Small Business lawyers can help small businesses with:
- Incorporation – They can help you to choose the best business entity for your business and file incorporation documents.
- Founder agreements – A business attorney can negotiate and draft founders agreements that will state each partners’ responsibilities and resources contributed. These agreements also detail the split of assets and profits.
- Raising venture capital – Securities laws tightly regulate the raising of capital. Your business attorney can help you through the process and ensure your fundraising is legally sound.
- Protecting intellectual property –Your small business lawyer will assist you with applying for copyrights, patents, and any other intellectual property protections your business may need.
- Employment disputes – An attorney can not only assist you with litigation, they can mediate, mitigate, and even prevent EDD employment disputes.
- ADA Lawsuit Defense – If your business is sued for ADA violations, you will need a ADA lawsuit lawyer to defend you.
- Drafting and reviewing contracts –Your breach of contractlawyer will ensure your contracts protect you and your business. Your company will require contracts with employees, suppliers, landlords, lenders, and employees. Ensuring your contracts are clear and enforceable is essential for protecting your business.

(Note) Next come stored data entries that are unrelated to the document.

Lemma fourier_eq0_trivial_phase k mu (z : R * R) : is_nu q1 q2 k mu ->
  fourier mu z = (0, 0) ->
  trivial_phase (z.1 / (3 * q1)%:R ^+ k) /\ trivial_phase (z.2 / (3 * q2)%:R ^+ k).
Proof.
move=> nu_mu z0; have [j /mask_eq0_trivial_phase[ph1 ph2]] := fourier_eq0_mask_eq0 nu_mu z0.
rewrite -(Ainv_scale k j z.1 q1_gt0) -(Ainv_scale k j z.2 q2_gt0).
by split; apply: trivial_phaseM_natr.
Qed.

End FourierZeros.

Lemma not_maximal_orthogonal (R : realType) (mu : probability (R * R)%type R) L p :
  orthogonal_set mu L -> ~ L p ->
  (forall l, L l -> fourier mu (l.1 - p.1, l.2 - p.2) = (0, 0) /\
                    fourier mu (p.1 - l.1, p.2 - l.2) = (0, 0)) ->
  ~ maximal_orthogonal_set mu L.
Proof.
move=> oL Lp pL [_ maxL].
have oLp : orthogonal_set mu (L `|` [set p]).
  move/orthogonal_setE: oL => [cL oL]; apply/orthogonal_setE.
  split; first exact: countableU (countable1 p).
  move=> l l' [Ll|->] [Ll'|->] ll' //.
  - exact: oL.
  - exact: (pL l Ll).1.
  - exact: (pL l' Ll').2.
by apply: Lp; rewrite -(maxL _ oLp (@subsetUl _ L [set p])); right.
Qed.

Section ConsecutiveLevels.
Variables (R : realType) (q1 q2 m : nat) (mu mu' : probability (R * R)%type R).
Hypotheses (nu_mu : is_nu q1 q2 m mu) (nu_mu' : is_nu q1 q2 m.+1 mu').

Lemma fourier_eq0_of_mask_eq0 z : mask_D (Ainv q1 q2 m z) = (0, 0) -> fourier mu z = (0, 0).
Proof. by move=> mask0; rewrite (fourier_conv z nu_mu nu_mu') mask0 cmul0l. Qed.
(* Let $\lambda,\mu$ be partitions with at most $n$ parts (viewed as elements of $\mathbb{Z}^n$) such that $|\lambda|\ge|\mu|$. Then $$\widetilde{K}^{C_n}_{\lambda,\mu}(q)=q^{\frac{|\lambda|-|\mu|}{2}}\sum_{\gamma\in\widetilde{\mathcal{P}}_n}\ \sum_{\sigma\in S_n}(-1)^{l(\sigma)}\,c(\sigma\circ\lambda-\gamma)\,K^{A_{n-1}}_{\gamma,\mu}(q),$$ $$\widetilde{K}^{D_n}_{\lambda,\mu}(q)=q^{\frac{|\lambda|-|\mu|}{2}}\sum_{\gamma\in\widetilde{\mathcal{P}}_n}\ \sum_{\sigma\in S_n}(-1)^{l(\sigma)}\,d(\sigma\circ\lambda-\gamma)\,K^{A_{n-1}}_{\gamma,\mu}(q).$$
   Context: Fix $n\ge1$. Notation: $x^\beta=x_1^{\beta_1}\cdots x_n^{\beta_n}$, $|\beta|=\sum_i\beta_i$, $\rho_n=(n,n-1,\dots,1)$. The symmetric group $S_n$ acts on $\mathbb{Z}^n$ by permuting coordinates; $l(\sigma)$ is the number of inversions of $\sigma$; the dot action is $\sigma\circ\beta=\sigma(\beta+\rho_n)-\rho_n$. $\widetilde{\mathcal{P}}_n=\{\gamma\in\mathbb{Z}^n:\gamma_1\ge\cdots\ge\gamma_n\}$. $q$-partition functions: $\mathcal{P}^A_q(\beta)$, $\mathcal{P}^C_q(\beta)$, $\mathcal{P}^D_q(\beta)$ are the coefficients of $x^\beta$ in respectively $\prod_{i<j}(1-qx_i/x_j)^{-1}$, $\prod_{i<j}(1-qx_i/x_j)^{-1}\prod_{r\le s}(1-qx_rx_s)^{-1}$, $\prod_{i<j}(1-qx_i/x_j)^{-1}\prod_{r<s}(1-qx_rx_s)^{-1}$ (all indices in $\{1,\dots,n\}$). $c(\beta)$ (resp. $d(\beta)$) is the coefficient of $x^{-\beta}$ in $\prod_{1\le r\le s\le n}(1-\frac1{x_rx_s})^{-1}$ (resp. $\prod_{1\le r<s\le n}(1-\frac1{x_rx_s})^{-1}$). For $\gamma,\mu\in\mathbb{Z}^n$: $K^{A_{n-1}}_{\gamma,\mu}(q)=\sum_{\sigma\in S_n}(-1)^{l(\sigma)}\mathcal{P}^A_q(\sigma(\gamma+\rho_n)-(\mu+\rho_n))$ (for partitions this is the usual Kostka–Foulkes polynomial), and for $X\in\{C,D\}$: $\widetilde{K}^{X_n}_{\lambda,\mu}(q)=\sum_{\sigma\in S_n}(-1)^{l(\sigma)}\mathcal{P}^X_q(\sigma(\lambda+\rho_n)-(\mu+\rho_n))$. *)

From HB Require Import structures.
From mathcomp Require Import all_boot all_order all_algebra all_fingroup.
Set Implicit Arguments. Unset Strict Implicit. Unset Printing Implicit Defensive.
Import Order.TTheory GRing.Theory Num.Theory.
Local Open Scope ring_scope.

Step 4: Book a Free Consultation With Each of Your Shortlisted Small Business Lawyers
Once you have your shortlist of ten business attorneys, you are going to meet each one to interview them. Most attorneys will offer free consultations to meet with potential clients, so use these to ask them as many questions as you need to make a decision. While you are interviewing them, you should also pay attention to their personality. You don’t need to be best friends with them, but you need to have a good professional relationship with your attorney. You will be working closely during the initial months of your startup.
Prepare a list of questions you will ask each of the lawyers, so you have common ground to compare. While you are talking with them, you can ask follow up questions, but ensure you at least ask the questions on the list.
Have you worked with small businesses before?
A small business attorney will need to work on many aspects of your business. They will need to help you with everything from incorporation to day to day operations. Small business attorneys need to do everything and do it well. They will be an invaluable asset for problem-solving and advice.
While it can be tempting to work with a business attorney who regularly works with Fortune 500 companies, these attorneys are used to working with clients with deep pockets. A small business attorney will consult the business owner and explain the available solutions and the cost of each solution.
If I need specialist attorneys, will you refer a colleague?
Sometimes a complex legal issue may arise that is outside of your business lawyer’s expertise. When that happens, you want them to refer you to another attorney who specializes in the issue instead of searching for an attorney all over again. Your small business lawyer’s network is extremely valuable to your company.
Tell me about your experience with this specific issue
The attorney will not be able to give specifics or client names, but they can tell you about how they handled certain issues. Refer back to your list of areas you need legal assistance and find out if the attorney has experience in all of those areas.
Will your team work on my cases?
It is great news if the lawyer’s team will work on your business. It means that you get insight from all of the attorneys and partners at their firm. Plus, behind the scenes work and research will be carried out by clerks and paralegals, whose time is considerably cheaper. This will save your company money and ensure your issues receive the attention they need.
Do you have any conflicts of interest?
You should discuss your competitors and suppliers, and vendors with your attorney so they can tell you if there are any conflicts of interest. If you are involved in a dispute with one of their clients, they cannot represent both of you. It is best to identify any conflicts of interest before you start working together.
How do you communicate with clients?
Everybody has a preferred method of communication. You want an attorney who will communicate in a way that is convenient for you. That may be face to face, by phone, an email, or any combination of the three. Find out how your attorney communicates with clients and see if it works for you and your needs.
You may appreciate phone calls or face to face meetings if your attorney is explaining issues to you. This allows you to ask follow up questions and get their full focus.
Alternatively, you may prefer things in email so you have a list of actionable points that you can review and mull over. Whatever your preference, you need to ensure your small business lawyer is happy to work with you.
What are your fees?
You need to have a comparison of costs and fee structures from every attorney. Refer back to your list of services you require and find out how much these services are and what fee structure your lawyer will use.
Step 5: Negotiate Fees
You can negotiate fees a little with your business attorney. First, you need to understand the different fee structures they may offer. These are the most common fee structures for small business lawyers:
A flat fee is a fixed cost rate for a particular service. There are no additional costs for hours worked or services included in the rate. This is a great fee structure as you know exactly how much the service will cost and can budget ahead of time. Some business attorneys may even provide packages of common services startups need. These are cost-effective and mean that your company gets off the ground quicker.
A retainer means that you purchase a portion of the lawyer’s time, whether you use it or not. This allows you to ring and ask questions at any time and will mean you get quicker responses. Retainer fee structures are great for business owners who foresee themselves needing a lot of assistance.
If you go over your purchased allocation of time, then you will be charged a flat rate for the additional services. Your attorney will often provide these in the retainer agreement.
Contingent fees are often used when you are litigating another party and will receive monetary compensation if you win the case. Your attorney will receive their fee as a percentage of the recovered compensation only if they win.
It is very rare that a business attorney will offer this option to a startup, but if you are an established small business, your lawyer may offer you services in exchange for business equity.